By the time he was grown, my Grandpa Erik, also infected with ‘wander lust,’ began dreaming of his own land. In 1913 after my grandmother, Anna, had died of the flu soon after the birth of her fifth child, Grandpa Eric took his young family and migrated northwest to Saskatchewan, Canada, to look for land of his own. My father was just a lad of eight that year – when my Grandfather began his homestead on the virgin Canadian prairies. Moving. Searching. Longing.
In time, both Grandpa Eric and Dad called it “the home place.” Later I would too. When my Mom and Dad married, they began their life together on the land homesteaded by my paternal grandfather, Eric.
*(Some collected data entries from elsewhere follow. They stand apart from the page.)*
(* Let $p,r$ be positive integers, $s=p+2r$, and write elements of $\mathbb{R}^{(p+s)\times p}$ as $X=(X_0;X_1;X_2;X_3)$ with blocks of $p,p,r,r$ rows; set $Z=X_0+iX_1$, $W=X_2+iX_3$. Let $\hat M\in\mathfrak{so}(p+r,\mathbb{C})$ and define $\hat\Phi^*:\mathbb{R}^{(p+s)\times p}\to\mathbb{C}^{(p+r)\times p}$ by $\hat\Phi^*(X)=\binom{Z}{W}+\hat M\binom{\bar Z}{\bar W}$. Then the complex valued components of $\hat\Phi^*$ constitute an orthogonal harmonic family on $\mathbb{R}^{(p+s)\times p}$ equipped with the Euclidean metric.
   Context: $\mathfrak{so}(p+r,\mathbb{C})$ is the set of complex skew-symmetric $(p+r)\times(p+r)$ matrices. The Euclidean metric is $\langle X,Y\rangle=\mathrm{trace}(X^tY)$. For a Riemannian manifold $(M,g)$ and complex functions $\phi,\psi$, $\tau(\phi)$ is the Laplace–Beltrami operator (extended complex-linearly) and $\kappa(\phi,\psi)=g(\mathrm{grad}\,\phi,\mathrm{grad}\,\psi)$ with $g$ extended complex-bilinearly. A set $\Omega$ of complex functions is an orthogonal harmonic family if $\tau(\phi)=0$ and $\kappa(\phi,\psi)=0$ for all $\phi,\psi\in\Omega$. *)

From mathcomp Require Import all_boot all_order all_algebra.
From mathcomp Require Import all_classical all_reals all_analysis.
From mathcomp Require Export complex.
Import GRing.Theory Num.Theory.
Local Open Scope ring_scope.
Local Open Scope complex_scope.

Set Implicit Arguments.
Unset Strict Implicit.
Unset Printing Implicit Defensive.

(* Coordinates on R^{m x n} = 'M[R]_(m,n) are the entries x_{ij}; the Euclidean
   metric <X,Y> = trace(X^t Y) makes them orthonormal, with coordinate vector
   fields the directions delta_mx i j. *)

Definition pderivC (R : realType) (m n : nat) (f : 'M[R]_(m, n) -> R[i])
  (i : 'I_m) (j : 'I_n) : 'M[R]_(m, n) -> R[i] :=
  fun x => ('D_(delta_mx i j) (fun y => complex.Re (f y)) x)
           +i* ('D_(delta_mx i j) (fun y => complex.Im (f y)) x).

(* tension field / Laplace-Beltrami operator for the Euclidean metric,
   extended complex-linearly *)
Definition tau (R : realType) (m n : nat) (f : 'M[R]_(m, n) -> R[i])
  : 'M[R]_(m, n) -> R[i] :=
  fun x => \sum_(i < m) \sum_(j < n) pderivC (pderivC f i j) i j x.

(* conformality operator kappa(phi,psi) = g(grad phi, grad psi) for the
   Euclidean metric, extended complex-bilinearly *)
Definition kappa (R : realType) (m n : nat) (f g : 'M[R]_(m, n) -> R[i])
  : 'M[R]_(m, n) -> R[i] :=
  fun x => \sum_(i < m) \sum_(j < n) (pderivC f i j x * pderivC g i j x).

Definition orthogonal_harmonic_family (R : realType) (m n : nat)
  (Omega : set ('M[R]_(m, n) -> R[i])) : Prop :=
  forall phi psi, Omega phi -> Omega psi ->
    (forall x, tau phi x = 0) /\ (forall x, kappa phi psi x = 0).

Definition cmx (R : realType) (m n : nat) (A : 'M[R]_(m, n)) : 'M[R[i]]_(m, n) :=
  map_mx (fun a : R => a%:C) A.

(* X = (X0; X1; X2; X3) with blocks of p, p, r, r rows (total p + s, s = p + 2r) *)
Definition blk0 (R : realType) (p r : nat) (X : 'M[R]_(p + p + r + r, p)) : 'M[R]_(p, p) :=
  usubmx (usubmx (usubmx X)).
Definition blk1 (R : realType) (p r : nat) (X : 'M[R]_(p + p + r + r, p)) : 'M[R]_(p, p) :=
  dsubmx (usubmx (usubmx X)).
Definition blk2 (R : realType) (p r : nat) (X : 'M[R]_(p + p + r + r, p)) : 'M[R]_(r, p) :=
  dsubmx (usubmx X).
Definition blk3 (R : realType) (p r : nat) (X : 'M[R]_(p + p + r + r, p)) : 'M[R]_(r, p) :=
  dsubmx X.

Definition Zof (R : realType) (p r : nat) (X : 'M[R]_(p + p + r + r, p)) : 'M[R[i]]_(p, p) :=
  cmx (blk0 X) + 'i *: cmx (blk1 X).
Definition Wof (R : realType) (p r : nat) (X : 'M[R]_(p + p + r + r, p)) : 'M[R[i]]_(r, p) :=
  cmx (blk2 X) + 'i *: cmx (blk3 X).

Definition PhiHat (R : realType) (p r : nat) (M : 'M[R[i]]_(p + r))
  (X : 'M[R]_(p + p + r + r, p)) : 'M[R[i]]_(p + r, p) :=
  col_mx (Zof X) (Wof X) + M *m map_mx (fun z => z^*) (col_mx (Zof X) (Wof X)).

(* Each component of PhiHat M is an R-linear function of X, so its second
   derivatives vanish and kappa reduces to the constant sum of the products of
   the values at the coordinate directions.  Moving the real (resp. imaginary)
   coordinate of the entry (m, j) of (Z; W) changes the (k, l) component by
   [l = j] (d_km + M_km) (resp. i [l = j] (d_km - M_km)); as i^2 = -1 the two
   contributions to kappa add up to 2 [l = j] [l' = j] (d_km M_k'm + M_km d_k'm).
   Summing over m and j leaves 2 [l = l'] (M_k'k + M_kk'), which vanishes because
   M is skew-symmetric. *)

From mathcomp Require Import all_boot all_order all_algebra.
From mathcomp Require Import all_classical all_reals all_analysis.
From mathcomp Require Import complex.
From mathcomp Require Import ring zify.
Import GRing.Theory Num.Theory.

Set Implicit Arguments.
Unset Strict Implicit.
Unset Printing Implicit Defensive.

Local Open Scope ring_scope.
Local Open Scope classical_set_scope.
Local Open Scope complex_scope.

Lemma derive_affine_line (R : realType) (V : normedModType R) (f : V -> R)
    (v : V) (a : R) :
  (forall x h, f (h *: v + x) = f x + h * a) -> forall x, 'D_v f x = a.
Proof.
move=> f_line x; rewrite /derive; apply: cvg_lim => //; apply: cvg_near_cst.
near=> h; rewrite /= f_line addrAC subrr add0r -[_ *: _]/(h^-1 * (h * a)) mulKf //.
near: h; exact: (@nbhs_dnbhs_neq R^o 0).
Unshelve. all: by end_near.
Qed.

Section LinearFunctions.
Variables (R : realType) (m n : nat).

Lemma pderivC_cst (c : R[i]) i j x :
  pderivC (fun _ : 'M[R]_(m, n) => c) i j x = 0.
Proof.
by rewrite /pderivC !(@derive_affine_line _ _ _ _ 0) // => *; rewrite mulr0 addr0.
Qed.

Definition realC_linear (f : 'M[R]_(m, n) -> R[i]) :=
  forall (x y : 'M[R]_(m, n)) (h : R), f (h *: y + x) = h%:C * f y + f x.

Lemma pderivC_linear f i j x :
  realC_linear f -> pderivC f i j x = f (delta_mx i j).
Proof.
move=> f_lin; rewrite /pderivC.
rewrite (@derive_affine_line _ _ _ _ (complex.Re (f (delta_mx i j)))); last first.
  by move=> y h; rewrite f_lin; case: (f (delta_mx i j)) (f y) => a b [c d] /=;
     rewrite !mul0r subr0 addrC.
rewrite (@derive_affine_line _ _ _ _ (complex.Im (f (delta_mx i j)))); last first.
  by move=> y h; rewrite f_lin; case: (f (delta_mx i j)) (f y) => a b [c d] /=;
     rewrite !mul0r addr0 addrC.
by case: (f _).
Qed.

Lemma tau_linear f : realC_linear f -> forall x, tau f x = 0.
Proof.
move=> f_lin x; apply: big1 => i _; apply: big1 => j _.
rewrite (_ : pderivC f i j = fun _ => f (delta_mx i j)) ?pderivC_cst //.
by apply: funext => y; apply: pderivC_linear.
Qed.

Lemma kappa_linear f g : realC_linear f -> realC_linear g ->
  forall x, kappa f g x = \sum_i \sum_j f (delta_mx i j) * g (delta_mx i j).
Proof.
by move=> f_lin g_lin x; apply: eq_bigr => i _; apply: eq_bigr => j _;
   rewrite !pderivC_linear.
Qed.

End LinearFunctions.

Lemma sum_mulr_natr_eq (K : pzSemiRingType) n (k : 'I_n) (F : 'I_n -> K) :
  \sum_i F i * (i == k)%:R = F k.
Proof.
under eq_bigr do rewrite mulr_natr mulrb.
by rewrite -big_mkcond big_pred1_eq.
Qed.

Section RealImaginaryRows.
Context {p r : nat}.

(* The rows of X holding the real and the imaginary part of row m of (Z; W). *)
Definition re_row (m : 'I_(p + r)) : 'I_(p + p + r + r) :=
  match fintype.split m with
  | inl k => lshift r (lshift r (lshift p k))
  | inr k => lshift r (rshift (p + p) k) end.
Definition im_row (m : 'I_(p + r)) : 'I_(p + p + r + r) :=
  match fintype.split m with
  | inl k => lshift r (lshift r (rshift p k))
  | inr k => rshift (p + p + r) k end.

Lemma re_row_val m :
  nat_of_ord (re_row m) = if (m < p)%N then nat_of_ord m else (p + m)%N.
Proof. by rewrite /re_row; case: split_ordP => k -> /=; rewrite ?addnA. Qed.

Lemma im_row_val m :
  nat_of_ord (im_row m) = if (m < p)%N then (p + m)%N else (r + p + m)%N.
Proof. by rewrite /im_row; case: split_ordP => k -> /=; lia. Qed.

Lemma re_row_inj : injective re_row.
Proof.
move=> m m' /(congr1 (@nat_of_ord _)); rewrite !re_row_val => eq_mm'.
apply: ord_inj; move: eq_mm' (ltn_ord m) (ltn_ord m').
by case: (ltnP m p); case: (ltnP m' p); lia.
Qed.

Lemma im_row_inj : injective im_row.
Proof.
move=> m m' /(congr1 (@nat_of_ord _)); rewrite !im_row_val => eq_mm'.
apply: ord_inj; move: eq_mm' (ltn_ord m) (ltn_ord m').
by case: (ltnP m p); case: (ltnP m' p); lia.
Qed.

Lemma eq_im_re_row m m' : (im_row m == re_row m') = false.
Proof.
apply/negbTE/eqP => /(congr1 (@nat_of_ord _)); rewrite im_row_val re_row_val.
by move: (ltn_ord m) (ltn_ord m'); case: (ltnP m p); case: (ltnP m' p); lia.
Qed.

Lemma re_row_lshift k : re_row (lshift r k) = lshift r (lshift r (lshift p k)).
Proof. by rewrite /re_row (unsplitK (inl k : 'I_p + 'I_r)). Qed.

Lemma im_row_lshift k : im_row (lshift r k) = lshift r (lshift r (rshift p k)).
Proof. by rewrite /im_row (unsplitK (inl k : 'I_p + 'I_r)). Qed.

Lemma re_row_rshift k : re_row (rshift p k) = lshift r (rshift (p + p) k).
Proof. by rewrite /re_row (unsplitK (inr k : 'I_p + 'I_r)). Qed.

Lemma im_row_rshift k : im_row (rshift p k) = rshift (p + p + r) k.
Proof. by rewrite /im_row (unsplitK (inr k : 'I_p + 'I_r)). Qed.

Lemma big_re_im_rows (V : nmodType) (F : 'I_(p + p + r + r) -> V) :
  \sum_i F i = \sum_(m < p + r) (F (re_row m) + F (im_row m)).
Proof.
rewrite big_split /= !big_split_ord /=.
under [\sum_(i < p) F (re_row _)]eq_bigr do rewrite re_row_lshift.
under [\sum_(i < r) F (re_row _)]eq_bigr do rewrite re_row_rshift.
under [\sum_(i < p) F (im_row _)]eq_bigr do rewrite im_row_lshift.
under [\sum_(i < r) F (im_row _)]eq_bigr do rewrite im_row_rshift.
by rewrite -addrA addrACA.
Qed.

End RealImaginaryRows.

Lemma conjC_realC (R : rcfType) (x : R) : Num.conj (x%:C) = x%:C :> R[i].
Proof. by apply/eqP; rewrite eq_complex /= oppr0 !eqxx. Qed.

Lemma conjC_iC (R : rcfType) : Num.conj 'i = - 'i :> R[i].
Proof. by apply/eqP; rewrite eq_complex /= oppr0 !eqxx. Qed.

Section PhiHatComponents.
Variables (R : realType) (p r : nat) (M : 'M[R[i]]_(p + r)).
Implicit Type X : 'M[R]_(p + p + r + r, p).

Definition ZW_entry X (m : 'I_(p + r)) (l : 'I_p) : R[i] :=
  (X (re_row m) l)%:C + 'i * (X (im_row m) l)%:C.

Lemma col_ZWE X m l : col_mx (Zof X) (Wof X) m l = ZW_entry X m l.
Proof.
rewrite /ZW_entry; case: (split_ordP m) => k ->.
  by rewrite col_mxEu re_row_lshift im_row_lshift !mxE.
by rewrite col_mxEd re_row_rshift im_row_rshift !mxE.
Qed.

Definition PhiHat_comp k l X : R[i] :=
  ZW_entry X k l + \sum_m M k m * (ZW_entry X m l)^*.

Lemma PhiHatE k l : (fun X => PhiHat M X k l) = PhiHat_comp k l.
Proof.
apply: funext => X; rewrite /PhiHat mxE col_ZWE mxE; congr (_ + _).
by apply: eq_bigr => m _; rewrite mxE col_ZWE.
Qed.

Lemma PhiHat_comp_linear k l : realC_linear (PhiHat_comp k l).
Proof.
have ZW_lin X (Y : 'M[R]_(p + p + r + r, p)) (h : R) m l' :
    ZW_entry (h *: Y + X) m l' = h%:C * ZW_entry Y m l' + ZW_entry X m l'.
  by rewrite /ZW_entry !mxE !rmorphD !rmorphM /=; ring.
move=> X Y h; rewrite /PhiHat_comp ZW_lin [in RHS]mulrDr mulr_sumr addrACA -big_split /=.
congr (_ + _); apply: eq_bigr => m _.
by rewrite ZW_lin rmorphD rmorphM /= conjC_realC; ring.
Qed.

Lemma ZW_entry_delta_re m j m' l :
  ZW_entry (delta_mx (re_row m) j) m' l = (l == j)%:R * (m' == m)%:R.
Proof.
rewrite /ZW_entry !mxE (inj_eq re_row_inj) eq_im_re_row /= mulr0 addr0.
by rewrite rmorph_nat -natrM mulnC mulnb.
Qed.

Lemma ZW_entry_delta_im m j m' l :
  ZW_entry (delta_mx (im_row m) j) m' l = 'i * (l == j)%:R * (m' == m)%:R.
Proof.
rewrite /ZW_entry !mxE (inj_eq im_row_inj) eq_sym eq_im_re_row /= add0r.
by rewrite rmorph_nat -mulrA -natrM mulnC mulnb.
Qed.

Lemma PhiHat_delta_re m j k l :
  PhiHat_comp k l (delta_mx (re_row m) j) = (l == j)%:R * ((k == m)%:R + M k m).
Proof.
rewrite /PhiHat_comp ZW_entry_delta_re.
under eq_bigr do rewrite ZW_entry_delta_re rmorphM /= !rmorph_nat mulrCA.
by rewrite -mulr_sumr sum_mulr_natr_eq mulrDr.
Qed.

Lemma PhiHat_delta_im m j k l :
  PhiHat_comp k l (delta_mx (im_row m) j) = (l == j)%:R * ('i * ((k == m)%:R - M k m)).
Proof.
rewrite /PhiHat_comp ZW_entry_delta_im.
under eq_bigr do rewrite ZW_entry_delta_im rmorphM /= rmorph_nat mulrCA.
rewrite -mulr_sumr sum_mulr_natr_eq !rmorphM /= rmorph_nat conjC_iC.
ring.
Qed.

End PhiHatComponents.

Lemma mul_re_im_pairs (K : comPzRingType) (z c d x y u v : K) : z ^+ 2 = -1 ->
  c * (x + u) * (d * (y + v)) + c * (z * (x - u)) * (d * (z * (y - v))) =
  c * d * (2 * (x * v + u * y)).
Proof.
move=> z2N1.
have -> : c * (z * (x - u)) * (d * (z * (y - v))) = z ^+ 2 * (c * (x - u) * (d * (y - v))).
  by ring.
by rewrite z2N1; ring.
Qed.

Lemma kappa_PhiHat (R : realType) (p r : nat) (M : 'M[R[i]]_(p + r)) k l k' l' x :
  kappa (PhiHat_comp M k l) (PhiHat_comp M k' l') x =
  (l' == l)%:R * (2 * (M k' k + M k k')).
Proof.
rewrite (kappa_linear (PhiHat_comp_linear _ _ _) (PhiHat_comp_linear _ _ _)).
rewrite big_re_im_rows.
under eq_bigr do rewrite -big_split /=.
under eq_bigr do under eq_bigr do
  rewrite !PhiHat_delta_re !PhiHat_delta_im mul_re_im_pairs ?sqr_i //.
have sum_rows : \sum_m 2 * ((k == m)%:R * M k' m + M k m * (k' == m)%:R) =
                2 * (M k' k + M k k').
  rewrite -mulr_sumr big_split /=; congr (_ * (_ + _)).
    by under eq_bigr do rewrite mulrC eq_sym; rewrite sum_mulr_natr_eq.
  by under eq_bigr do rewrite eq_sym; rewrite sum_mulr_natr_eq.
rewrite exchange_big /=; under eq_bigr do rewrite -mulr_sumr sum_rows.
rewrite -mulr_suml; congr (_ * _).
by under eq_bigr do rewrite mulrC [l == _]eq_sym; rewrite sum_mulr_natr_eq.
Qed.

Theorem proposition9p1 (R : realType) (p r : nat) (hp : (0 < p)%N) (hr : (0 < r)%N)
  (M : 'M[R[i]]_(p + r)) (hM : M^T = - M) :
  orthogonal_harmonic_family
    (range (fun kl : 'I_(p + r) * 'I_p =>
              fun X : 'M[R]_(p + p + r + r, p) => PhiHat M X kl.1 kl.2)).
Proof.
move=> _ _ [[k l] _ <-] [[k' l'] _ <-]; rewrite /= !PhiHatE.
split; first exact: tau_linear (PhiHat_comp_linear M k l).
have skewM : M k' k = - M k k' by move/matrixP: hM => /(_ k k'); rewrite !mxE.
by move=> x; rewrite kappa_PhiHat skewM addNr !mulr0.
Qed.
During my childhood years, I felt that land would be my home forever. I roamed that homestead; explored every square yard of it. Every “coulee” and every hill. Knew which Choke Cherry bushes yielded the sweetest fruit. The draw where the most colorful crocuses exploded from the soil each spring. I could take you to the exact wrinkle in the prairie hillside which hid the coyote pup-birthing den. And the best spots to snare jack rabbits. And the brush patch where hawks nested year after year. Often, I would stand on “the big hill” a mile southwest of our house looking over “our land.” Dark winter evenings, I followed Dad to the barn, carrying the lantern as the hard cold snow crunched under our feet. Dad would point the glistening crystals at the edges of that pool of lantern glow and say, “Look - we are rich. God has covered our land with diamonds.”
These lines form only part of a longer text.